The Compression Variable Everyone Ignored
MINT Research

The Compression Variable Everyone Ignored

March 2026 · baa.ai

85% of tensors want group size 32, not 128. Per-tensor group-size selection provides larger quality gains than bit-width changes—and the industry has been treating it as a fixed default.

When practitioners think about quantization, they think about bit-width. Should this model be 4-bit or 8-bit? How low can we go before quality degrades? The entire quantization discourse—papers, blog posts, leaderboards—is framed around bits per weight.

But there is another variable hiding in plain sight: group size—the number of weights that share a single scale factor. The industry standardized on group size 128 years ago and never looked back. Our MINT research proves this is a significant mistake.

What Is Group Size?

Quantization works by mapping continuous floating-point weights to a small set of discrete values. To preserve accuracy, weights are divided into groups, and each group gets its own scale factor and zero-point. These per-group parameters allow the quantized representation to adapt to local weight distributions rather than forcing a single scale across an entire tensor.

Group size 128 means every 128 consecutive weights share one scale factor and one zero-point. Smaller groups—64, or 32—mean more fine-grained scaling. Each group can more closely track its local weight distribution, reducing quantization error. The tradeoff is storage: smaller groups require more scale/zero-point pairs, adding overhead to the compressed model.

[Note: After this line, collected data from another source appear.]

Lemma adjoint_eq0_of_switch_gamma : 0 < eta -> 0 < bmin ->
  {in `]a, b[, forall t, bmin <= beta t} ->
  {in `]a, b[, continuous S} -> {in `]a, b[, forall t, S t != 0} ->
  {in `]a, b[, forall t, l3 t = 0} ->
  {in `]a, b[, forall t, [/\ l1 t = 0, l2 t = 0 & l3 t = 0]}.
Proof.
move=> eta_gt0 bmin_gt0 beta_ge S_cont S_neq0 l3_0; have [sol1 sol2 sol3] := adj.
have l3_cst : {in `]a, b[ &, forall s t, l3 s = l3 t} by move=> s t sab tab; rewrite !l3_0.
have Sl12 : {in `]a, b[, forall t, S t * (l1 t - l2 t) = 0}.
  apply: (ac_sol_cst_factor_eq0 (k := beta) sol3 t0_a b_tbar bmin_gt0 l3_cst) => //.
  - by move=> t tab; rewrite l3_0 //; ring.
  - move=> t tab; apply: cvgM; first exact: S_cont.
    apply: cvgB; first exact: (ac_sol_continuous sol1 t0_a b_tbar tab).
    exact: (ac_sol_continuous sol2 t0_a b_tbar tab).
have l12 : {in `]a, b[, forall t, l1 t = l2 t}.
  move=> t tab; apply/eqP; rewrite -subr_eq0.
  by have /eqP := Sl12 t tab; rewrite mulf_eq0 (negbTE (S_neq0 t tab)).
have l1_cst : {in `]a, b[ &, forall s t, l1 s = l1 t}.
  by apply: (ac_sol_cst sol1 t0_a b_tbar _) => t tab; rewrite l12 // subrr.
have l2_cst : {in `]a, b[ &, forall s t, l2 s = l2 t}.
  by move=> s t sab tab; rewrite -!l12 // (l1_cst _ _ sab tab).
have l2_0 : {in `]a, b[, forall t, l2 t = 0}.
  apply: (ac_sol_cst_factor_eq0 (k := fun=> eta) sol2 t0_a b_tbar eta_gt0 l2_cst) => //.
  - by move=> t tab; rewrite l3_0 // mulr0 subr0.
  - exact: ac_sol_continuous sol2 t0_a b_tbar.
by move=> t tab; rewrite l12 // l2_0 // l3_0.
Qed.

End adjoint_switching.

End seir.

The conventional wisdom has been that this overhead is not worth the quality gain. Our data says otherwise.

The Evidence

On Qwen3-30B-A3B at a 19 GB memory budget, MINT’s rate-distortion allocator was given full freedom to choose any combination of bit-width and group size for each of the model’s 18,867 weight tensors. Here is what it chose:

Configuration (bits, group) Tensors Fraction
(4, 32) 15,908 85.2%
(4, 64) 9 <0.1%
(4, 128) 96 0.5%
(8, 128) 2,612 14.0%
(8, 64) 1 <0.1%
(16, 0) 241 1.3%

The allocator overwhelmingly chose 4-bit with group size 32. Not 4-bit with group size 128. Not 8-bit. The smallest available group size won 85.2% of all allocation decisions.

When given the freedom to choose, the optimizer chose finer groups over more bits, 85% of the time.

Why Group Size 32 Wins

The arithmetic explains the result. Going from group size 128 to group size 32 means storing 4× more scale/zero-point pairs. For 4-bit quantization with FP16 scales, this adds approximately 0.125 bytes per parameter in overhead—a modest cost.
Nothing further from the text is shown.